Dara suddenly realised where they were, where they’d washed up; this little cove must be Smugglers’ Bay.
There was a story called ‘The Secret Smuggler’ in The True Legends of Lathrin Island; it was about a tiny, sweet old lady called Gentle Bess who ran the island’s bakery, way back hundreds of years ago when people actually lived out here, and who, unknown to everybody, was actually a total bandit. In the story she stashed all her ill-gotten gains – whisky and gunpowder and jewels – in a hidden cavern at Smugglers’ Bay.

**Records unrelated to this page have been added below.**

(* Consider the DS-PSRL algorithm run on a parametrized MDP with scalar parameter satisfying the Lipschitz condition: there is $C$ with $\|P(\cdot\mid x,a,\theta)-P(\cdot\mid x,a,\theta')\|_1\le C|\theta-\theta'|$ for all $x,a$ and $\theta,\theta'\in\Theta\subseteq\mathbb{R}$, and whose differential value functions satisfy $h(x,\theta)\in[0,H]$. Let $m$ be the number of episodes up to time $T$, $M_j$ the number of steps in the $j$-th episode, and $\widetilde\theta_j$ the parameter sampled for episode $j$. Then \[ \mathbb{E}\Big[\sum_{t=1}^T\Delta_t\Big]\le CH\sqrt{T\,\mathbb{E}\Big[\sum_{j=1}^m M_j|\theta_*-\widetilde\theta_j|^2\Big]}. \]
   Context: Setting: parametrized MDP with state space $\mathcal{X}$, action space $\mathcal{A}$, known loss, known transition kernels $P(\cdot\mid x,a,\theta)$, unknown true parameter $\theta_*$ drawn from a known prior. $h(\cdot,\theta)$ is the differential value function of the average-cost Bellman optimality equation for parameter $\theta$. DS-PSRL: set $L=1$; at each $t$, if $t=L$ sample $\widetilde\theta_t$ from the current posterior and set $L\leftarrow2L$, else keep $\widetilde\theta_t=\widetilde\theta_{t-1}$; play the optimal action $a_t$ for parameter $\widetilde\theta_t$ at state $x_t$; observe $x_{t+1}\sim P(\cdot\mid x_t,a_t,\theta_* )$; update the posterior. An episode is a maximal run of steps with the same sampled parameter. With $h_t=h(\cdot,\widetilde\theta_t)$, define $\Delta_t=\int_{\mathcal{X}}\big(P(x\mid x_t,a_t,\theta_* )-P(x\mid x_t,a_t,\widetilde\theta_t)\big)h_t(x)\,dx$. *)

From HB Require Import structures.
From mathcomp Require Import all_boot all_order all_algebra.
From mathcomp Require Import all_classical all_reals all_analysis.
Set Implicit Arguments. Unset Strict Implicit. Unset Printing Implicit Defensive.
Import Order.TTheory GRing.Theory Num.Theory.
Local Open Scope ring_scope.

(* DS-PSRL doubling schedule: sampling times are t = 1, 2, 4, 8, ...
   The episode containing time t >= 1 is j = trunc_log 2 t, i.e. the
   episode j consists of the times t with 2^j <= t < 2^(j+1). *)
Definition episode_of (t : nat) : nat := trunc_log 2 t.

Definition num_episodes (T : nat) : nat := (trunc_log 2 T).+1.

Definition episode_length (T j : nat) : nat :=
  (\sum_(1 <= t < T.+1) (episode_of t == j))%N.

(* Delta_t = \int (P(x | x_t,a_t,theta_* ) - P(x | x_t,a_t,theta~_t)) h(x,theta~_t) dx,
   P x a th : X -> R is the density of the next state w.r.t. the reference
   measure mu ("dx"). *)
Definition Delta {d} {X : measurableType d} {R : realType} {A : Type}
  (mu : {measure set X -> \bar R}) (P : X -> A -> R -> X -> R)
  (h : X -> R -> R) (xt : X) (at_ : A) (th_star th : R) : R :=
  Rintegral mu setT (fun y => (P xt at_ th_star y - P xt at_ th y) * h y th).
(* Let $\lambda_i$ be a minuscule fundamental weight of a complex simple Lie algebra, let $u\in W^{P_i}$, and let $\alpha$ be a positive root. (I) If $\ell(s_\alpha u)=\ell(u)+1$, then $\alpha$ is a simple root and $(u(\lambda_i),\alpha^\vee)=1$. (II) If $\ell(s_\alpha u)=\ell(u)-(s-1)$, then $\alpha=\psi$ and $(u(\lambda_i),\psi^\vee)=-1$. Here the length $\ell$ is taken in $W^{P_i}$.
   Context: Simple roots $\alpha_1,\dots,\alpha_l$, Weyl group $W$ with Coxeter length $\ell$, $\alpha^\vee=2\alpha/(\alpha,\alpha)$. $\lambda_i$ minuscule: $(\lambda_i,\alpha_j^\vee)=\delta_{ij}$ and $(\lambda_i,\beta^\vee)\le1$ for all positive roots $\beta$. $W_{P_i}$ is the subgroup generated by $s_{\alpha_j}$, $j\ne i$; $W^{P_i}$ is the set of minimal length coset representatives of $W/W_{P_i}$; the length in $W^{P_i}$ of $x\in W$ is the length of the unique $u'\in W^{P_i}$ with $x\in u'W_{P_i}$. $\psi=\sum_j q_j\alpha_j$ is the highest root and $s=1+\sum_j q_j$ is the Coxeter number. *)

From HB Require Import structures.
From mathcomp Require Import all_boot all_order all_algebra.
From mathcomp Require Import reals.
Set Implicit Arguments. Unset Strict Implicit. Unset Printing Implicit Defensive.
Import Order.TTheory GRing.Theory Num.Theory.
Local Open Scope ring_scope.

Section RootSystems.
Variables (R : realType) (l : nat).
Implicit Types (v a b : 'rV[R]_l) (M u w x y : 'M[R]_l).

Definition dot v (w : 'rV[R]_l) : R := (v *m w^T) 0 0.
(* (v, a^vee) with a^vee = 2a/(a,a). *)
Definition cop v a : R := 2 * dot v a / dot a a.
(* Reflection s_a, acting on row vectors on the right: v *m refl a = v - (v,a^vee) a.
   Convention: a matrix M represents the linear map v |-> v *m M, so the
   composite f o g of maps represented by F and G is G *m F. *)
Definition refl a : 'M[R]_l := 1%:M - (2 / dot a a) *: (a^T *m a).

(* Reduced crystallographic root system (spanning is ensured by the base below). *)
Definition root_system (Phi : seq 'rV[R]_l) : Prop :=
  [/\ 0 \notin Phi,
      forall a b, a \in Phi -> b \in Phi -> b *m refl a \in Phi,
      forall a b, a \in Phi -> b \in Phi -> cop b a \in Num.int
    & forall a (c : R), a \in Phi -> c *: a \in Phi -> c = 1 \/ c = -1].

Definition irreducible_rs (Phi : seq 'rV[R]_l) : Prop :=
  forall P : pred 'rV[R]_l,
    (forall a b, a \in Phi -> b \in Phi -> P a -> ~~ P b -> dot a b = 0) ->
    all P Phi \/ all (predC P) Phi.

Definition nncomb (alpha : 'I_l -> 'rV[R]_l) (c : 'I_l -> nat) : 'rV[R]_l :=
  \sum_j (c j)%:R *: alpha j.

Definition is_base (Phi : seq 'rV[R]_l) (alpha : 'I_l -> 'rV[R]_l) : Prop :=
  [/\ forall j, alpha j \in Phi,
      row_free (\matrix_j alpha j)
    & forall b, b \in Phi -> exists c, b = nncomb alpha c \/ b = - nncomb alpha c].

Definition positive_root (Phi : seq 'rV[R]_l) alpha b : Prop :=
  b \in Phi /\ exists c, b = nncomb alpha c.

Definition minuscule (Phi : seq 'rV[R]_l) alpha (i : 'I_l) (lam : 'rV[R]_l) : Prop :=
  (forall j, cop lam (alpha j) = (i == j)%:R) /\
  (forall b, positive_root Phi alpha b -> cop lam b <= 1).

Definition highest_root (Phi : seq 'rV[R]_l) alpha (psi : 'rV[R]_l) (q : 'I_l -> nat) : Prop :=
  [/\ psi \in Phi, psi = nncomb alpha q
    & forall b, positive_root Phi alpha b -> exists c, psi - b = nncomb alpha c].

Definition coxeter_number (q : 'I_l -> nat) : nat := (1 + \sum_j q j)%N.

(* Product s_{j1} o s_{j2} o ... o s_{jk} of simple reflections of the word [:: j1; ...; jk]. *)
Definition wmat (alpha : 'I_l -> 'rV[R]_l) (ws : seq 'I_l) : 'M[R]_l :=
  foldr (fun j M => M *m refl (alpha j)) 1%:M ws.

Definition inW alpha w : Prop := exists ws, w = wmat alpha ws.

Definition inWP alpha (i : 'I_l) w : Prop :=
  exists ws, all (fun j => j != i) ws /\ w = wmat alpha ws.

Definition coxlen alpha w (k : nat) : Prop :=
  (exists ws, size ws = k /\ w = wmat alpha ws) /\
  (forall ws, w = wmat alpha ws -> (k <= size ws)%N).

(* u in W^{P_i}: u is of minimal length in its coset u W_{P_i}
   (u o y is represented by y *m u). *)
Definition minrep alpha (i : 'I_l) u : Prop :=
  inW alpha u /\
  forall y k1 k2, inWP alpha i y -> coxlen alpha u k1 -> coxlen alpha (y *m u) k2 ->
    (k1 <= k2)%N.

(* Length in W^{P_i} of x: length of u' in W^{P_i} with x in u' W_{P_i}. *)
Definition lenP alpha (i : 'I_l) x (k : nat) : Prop :=
  exists u', [/\ minrep alpha i u', (exists y, inWP alpha i y /\ x = y *m u')
                & coxlen alpha u' k].

End RootSystems.

From HB Require Import structures.
From mathcomp Require Import all_boot all_order all_algebra.
From mathcomp Require Import reals.
From mathcomp Require Import zify ring lra.
Set Implicit Arguments. Unset Strict Implicit. Unset Printing Implicit Defensive.
Import Order.TTheory GRing.Theory Num.Theory.
Local Open Scope ring_scope.

(* Write w(v) for v *m w and put depth w := ht (lam - w(lam)).  Since lam is
   minuscule, every (w(lam), b^vee) with b a root lies in {-1, 0, 1}, so a
   simple reflection changes the depth by at most one and depth w <= l(w).
   Conversely, along any word for w one builds a word of length depth w in the
   coset W_P w: a letter with (w(lam), alpha_j^vee) = 1 is kept, one with -1 is
   cancelled by the exchange condition, and one with 0 is absorbed into W_P,
   because a reflection fixing lam lies in W_P.  Hence the length in W^P is
   the depth, and depth (s_a u) = depth u + (u(lam), a^vee) ht a.  Both claims
   follow since 1 <= ht a <= ht psi = s - 1, with equality on the left only
   for simple roots and on the right only for psi. *)

Lemma intr_le1_cases (R : archiNumDomainType) (t : R) : t \in Num.int -> -1 <= t <= 1 ->
  t = -1 \/ t = 0 \/ t = 1.
Proof.
case/intrP=> m -> /andP[]; rewrite -(rmorph1 (intmul 1)) -rmorphN !ler_int => h1 h2.
have [->|[->|->]] : (m = -1 \/ m = 0 \/ m = 1)%R by lia.
- by left; rewrite rmorphN rmorph1.
- by right; left.
- by right; right; rewrite rmorph1.
Qed.

Lemma intr_gt0_ge1 (R : archiNumDomainType) (t : R) : t \in Num.int -> 0 < t -> 1 <= t.
Proof. by move=> tZ t_gt0; rewrite -(gtr0_norm t_gt0) norm_intr_ge1 // gt_eqF. Qed.

Section Euclidean.
Variables (R : realType) (l : nat).
Implicit Types (v w a b : 'rV[R]_l) (M N : 'M[R]_l).

Lemma eq_mx_action M N : (forall v, v *m M = v *m N) -> M = N.
Proof. by move=> eqMN; apply/row_matrixP => k; rewrite !rowE eqMN. Qed.

Lemma dotC v w : dot v w = dot w v.
Proof. by rewrite /dot -(trmxK (w *m v^T)) trmx_mul trmxK [RHS]mxE. Qed.

Lemma dotDl v w b : dot (v + w) b = dot v b + dot w b.
Proof. by rewrite /dot mulmxDl mxE. Qed.

Lemma dotZl (c : R) v b : dot (c *: v) b = c * dot v b.
Proof. by rewrite /dot -scalemxAl mxE. Qed.

Lemma dotNl v b : dot (- v) b = - dot v b.
Proof. by rewrite /dot mulNmx mxE. Qed.

Lemma dotBl v w b : dot (v - w) b = dot v b - dot w b.
Proof. by rewrite dotDl dotNl. Qed.

Lemma dot0l b : dot 0 b = 0.
Proof. by rewrite /dot mul0mx mxE. Qed.

Lemma dotDr v w b : dot b (v + w) = dot b v + dot b w.
Proof. by rewrite dotC dotDl !(dotC b). Qed.

Lemma dotZr (c : R) v b : dot b (c *: v) = c * dot b v.
Proof. by rewrite dotC dotZl dotC. Qed.

Lemma dotNr v b : dot b (- v) = - dot b v.
Proof. by rewrite dotC dotNl dotC. Qed.

Lemma dotBr v w b : dot b (v - w) = dot b v - dot b w.
Proof. by rewrite dotDr dotNr. Qed.

Lemma dot0r b : dot b 0 = 0.
Proof. by rewrite dotC dot0l. Qed.

Lemma dot_sum v (I : finType) (r : I -> R) (x : I -> 'rV[R]_l) :
  dot v (\sum_k r k *: x k) = \sum_k r k * dot v (x k).
Proof.
apply: (big_ind2 (fun x y => dot v x = y)); first by rewrite dot0r.
  by move=> x1 x2 y1 y2 <- <-; rewrite dotDr.
by move=> k _; rewrite dotZr.
Qed.

Lemma dot_gt0 v : v != 0 -> 0 < dot v v.
Proof.
have sq_ge0 k : 0 <= v 0 k * v 0 k by rewrite -expr2 sqr_ge0.
have -> : dot v v = \sum_k v 0 k * v 0 k.
  by rewrite /dot mxE; apply: eq_bigr => k _; rewrite mxE.
rewrite lt_def sumr_ge0 // andbT psumr_eq0 //; apply: contra => /allP v0.
apply/eqP/rowP => k; rewrite mxE.
by have := v0 k (mem_index_enum k); rewrite /= mulf_eq0 orbb => /eqP.
Qed.

Lemma copDl v w a : cop (v + w) a = cop v a + cop w a.
Proof. by rewrite /cop dotDl mulrDr mulrDl. Qed.

Lemma copZl (c : R) v a : cop (c *: v) a = c * cop v a.
Proof. by rewrite /cop dotZl !mulrA (mulrC 2 c). Qed.

Lemma copNl v a : cop (- v) a = - cop v a.
Proof. by rewrite /cop dotNl mulrN mulNr. Qed.

Lemma copBl v w a : cop (v - w) a = cop v a - cop w a.
Proof. by rewrite copDl copNl. Qed.

Lemma copNr v a : cop v (- a) = - cop v a.
Proof. by rewrite /cop dotNr dotNl dotNr opprK mulrN mulNr. Qed.

Lemma cop_self a : a != 0 -> cop a a = 2.
Proof. by move=> a_nz; rewrite /cop mulfK // gt_eqF // dot_gt0. Qed.

Lemma cop_eq0 v a : a != 0 -> (cop v a = 0) <-> (dot v a = 0).
Proof.
move=> /dot_gt0 aa_gt0; rewrite /cop.
split=> [/eqP|->]; last by rewrite mulr0 mul0r.
by rewrite !mulf_eq0 invr_eq0 (gt_eqF aa_gt0) orbF pnatr_eq0 => /eqP.
Qed.

Lemma cop_gt0 v a : a != 0 -> (0 < cop v a) = (0 < dot v a).
Proof. by move=> /dot_gt0 aa_gt0; rewrite /cop pmulr_lgt0 ?invr_gt0 // pmulr_rgt0. Qed.

Lemma reflE v a : v *m refl a = v - cop v a *: a.
Proof.
rewrite /refl mulmxBr mulmx1 -scalemxAr mulmxA (mx11_scalar (v *m a^T)).
by rewrite mul_scalar_mx scalerA /cop /dot mulrAC mulrC.
Qed.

But Dara had never actually thought Gentle Bess was real or that Smugglers’ Bay was a real place. He grinned. Maybe there was even actual loot in this cavern! Dara laughed an echoing laugh and craned his neck, wondering if, hidden at the very back of one of those high little ledges, there was still some of Gentle Bess’s stolen jewels, forgotten or abandoned.
Then an idea struck him. Better and brighter than loot. In the story, Gentle Bess never got caught because she hid her loot at Smugglers’ Bay in the dead of night, then sneaked back to her cottage through …

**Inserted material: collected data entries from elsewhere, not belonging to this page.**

(* Let $V$ be a finite-dimensional real vector space and $F\in\Lambda^4V^*$ a 4-form such that for all $X,Y\in V$: $\iota_XF\wedge F=0$ and $\iota_XF\wedge\iota_YF=0$. Then $\iota_Z\iota_Y\iota_XF\wedge F=0$ for all $X,Y,Z\in V$, and consequently $F$ is decomposable, i.e. $F=\theta_1\wedge\theta_2\wedge\theta_3\wedge\theta_4$ for some $\theta_i\in V^*$.
   Context: $\iota_X$ denotes interior multiplication (contraction) by the vector $X$. A $p$-form is decomposable if it is a wedge product of $p$ one-forms. *)

(* Exterior algebra of (R^n)^* in coordinates:
   a (mixed-degree) form is its coefficient family on the standard basis
   e^S = e^{s_1} /\ ... /\ e^{s_k}  (s_1 < ... < s_k, S = {s_1,...,s_k}). *)
From HB Require Import structures.
From mathcomp Require Import all_boot all_order all_algebra.
From mathcomp Require Import reals.
Set Implicit Arguments. Unset Strict Implicit. Unset Printing Implicit Defensive.
Import Order.TTheory GRing.Theory Num.Theory.
Local Open Scope ring_scope.

Definition extform (R : realType) (n : nat) := {ffun {set 'I_n} -> R}.

Definition is_pform (R : realType) (n p : nat) (a : extform R n) : Prop :=
  forall S : {set 'I_n}, #|S| != p -> a S = 0.

(* number of inversions of the concatenation of increasing lists A, B *)
Definition ninv (n : nat) (A B : {set 'I_n}) : nat :=
  #|[set p : 'I_n * 'I_n | (p.1 \in A) && (p.2 \in B) && (p.2 < p.1)%N]|.

(* wedge product: e^A /\ e^B = (-1)^{ninv A B} e^{A u B} if disjoint, else 0 *)
Definition wedge (R : realType) (n : nat) (a b : extform R n) : extform R n :=
  [ffun S : {set 'I_n} =>
     \sum_(A : {set 'I_n} | A \subset S)
        (-1) ^+ ninv A (S :\: A) * a A * b (S :\: A)].

(* interior multiplication by the vector X in R^n:
   iota_{e_i} e^{S u {i}} = (-1)^{#{j in S | j < i}} e^S for i \notin S *)
Definition interior (R : realType) (n : nat) (X : 'I_n -> R) (a : extform R n)
  : extform R n :=
  [ffun S : {set 'I_n} =>
     \sum_(i : 'I_n | i \notin S)
        X i * (-1) ^+ #|[set j in S | (j < i)%N]| * a (i |: S)].

(* the one-form with coordinates t, i.e. sum_i t_i e^i *)
Definition oneform (R : realType) (n : nat) (t : 'I_n -> R) : extform R n :=
  [ffun S : {set 'I_n} => \sum_(i : 'I_n | S == [set i]) t i].
Definition marks (xi : nat -> nat -> bool) (k i : nat) : Prop :=
  (xi 0 (S i) = true <-> i = k) /\ (xi 1 (S i) = true <-> i = k).

Lemma Delta0_marks (k i : term) : Delta0 (fun xi r => marks xi (teval r k) (teval r i)).
Proof.
  exists (fand (fiff (fmem 0 (tsucc i)) (feq i k)) (fiff (fmem 1 (tsucc i)) (feq i k))).
  split; [simpl; tauto|]. intros xi r; unfold marks; simpl. tauto.
Qed.

Lemma Delta0_pair2_eq (i j k : nat) : Delta0 (fun xi r => r i + r i = pair2 (r j) (r k)).
Proof.
  exists (feq (tplus (tvar i) (tvar i)) (tpair2 (tvar j) (tvar k))).
  split; [simpl; auto|reflexivity].
Qed.

Definition point0 (k : nat) : nat -> bool := fun i => match i with 0 => false | S j => j =? k end.
Definition point1 (k : nat) : nat -> bool := fun i => match i with 0 => true | S j => j =? k end.

Definition tinsert (d : nat) (t : term) : term :=
  tsubst (fun i => if i <? d then tvar i else tvar (S i)) t.

Lemma teval_tinsert (d : nat) (rho rho' : nat -> nat) (t : term) :
  (forall i, i < d -> rho' i = rho i) -> (forall i, d <= i -> rho' (S i) = rho i) ->
  teval rho' (tinsert d t) = teval rho t.
Proof.
  intros H1 H2. unfold tinsert. rewrite teval_tsubst. apply teval_ext. intros i.
  destruct (i <? d) eqn:E; simpl; [apply Nat.ltb_lt in E|apply Nat.ltb_ge in E]; auto.
Qed.

(* Replaces the reals [X_0 = point0 k], [X_1 = point1 k] by the number variable
   [d] holding [k]. *)
Fixpoint points_elim (d : nat) (p : formula) : formula :=
  match p with
  | feq u v => feq (tinsert d u) (tinsert d v)
  | flt u v => flt (tinsert d u) (tinsert d v)
  | fmem 0 u => feq (tinsert d u) (tsucc (tvar d))
  | fmem 1 u => forr (feq (tinsert d u) tzero) (feq (tinsert d u) (tsucc (tvar d)))
  | fmem _ u => ffalse
  | fnot q => fnot (points_elim d q)
  | fand q r => fand (points_elim d q) (points_elim d r)
  | forr q r => forr (points_elim d q) (points_elim d r)
  | fbex u q => fbex (tinsert d u) (points_elim (S d) q)
  | fball u q => fball (tinsert d u) (points_elim (S d) q)
  | fex q => fex (points_elim (S d) q)
  | fall q => fall (points_elim (S d) q)
  end.

Lemma sat_points_elim (k : nat) (p : formula) : forall d rho rho',
  (forall i, i < d -> rho' i = rho i) -> rho' d = k -> (forall i, d <= i -> rho' (S i) = rho i) ->
  sat (scons (point0 k) (scons (point1 k) no_reals)) rho p <-> sat no_reals rho' (points_elim d p).
Proof.
  induction p; intros d rho rho' H1 H2 H3; simpl;
    try (assert (Hq : forall a, sat (scons (point0 k) (scons (point1 k) no_reals)) (scons a rho) p <->
                                sat no_reals (scons a rho') (points_elim (S d) p))
           by (intros a; apply IHp; [intros [|i] Hi; simpl; auto; apply H1; lia|exact H2|
                                     intros [|i] Hi; simpl; [lia|apply H3; lia]]);
         setoid_rewrite Hq);
    rewrite ?(teval_tinsert d rho rho' _ H1 H3), ?(IHp d rho rho' H1 H2 H3),
      ?(IHp1 d rho rho' H1 H2 H3), ?(IHp2 d rho rho' H1 H2 H3); try reflexivity.
  destruct n as [|[|n]]; simpl; rewrite ?(teval_tinsert d rho rho' _ H1 H3), ?H2.
  - destruct (teval rho t) as [|j]; simpl; [split; [discriminate|lia]|].
    rewrite Nat.eqb_eq. lia.
  - destruct (teval rho t) as [|j]; simpl; [tauto|]. rewrite Nat.eqb_eq. lia.
  - unfold no_reals. split; [discriminate|lia].
Qed.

‘… a secret tunnel,’ breathed Dara.
‘… seek it tunnel!’ echoed Mothga.
Dara shone his torch along the ledges which stretched back and back into the bowels of the cliff, where the cavern narrowed to a cave and then to what looked like …
‘YES!’ shouted Dara.
The tunnel! Gentle Bess’s tunnel!
If the story was true, that tunnel would lead them out of the cave and all the way to her cottage in the ruined village near the harbour. Maybe they weren’t trapped here after all.
‘Come on!’ said Dara, and he beckoned Mothga to follow him into the darkness at the back of the cavern.
‘No!’ said Mothgirl. ‘Stop!’
Mothgirl ran her fingers over the cave wall again, just to be sure. Her heart pounded. ‘Give water-poo-tosh, Daramurrum!’ she commanded.
Daramurrum’s circle of light shifted from the far cave tunnels to where she stood; she heard his soft footfalls approaching. ‘What is it, Mothga?’ he whispered, handing her the water-poo-tosh.
She shone the light circle upon the cave wall. And she gasped. There was no doubt now.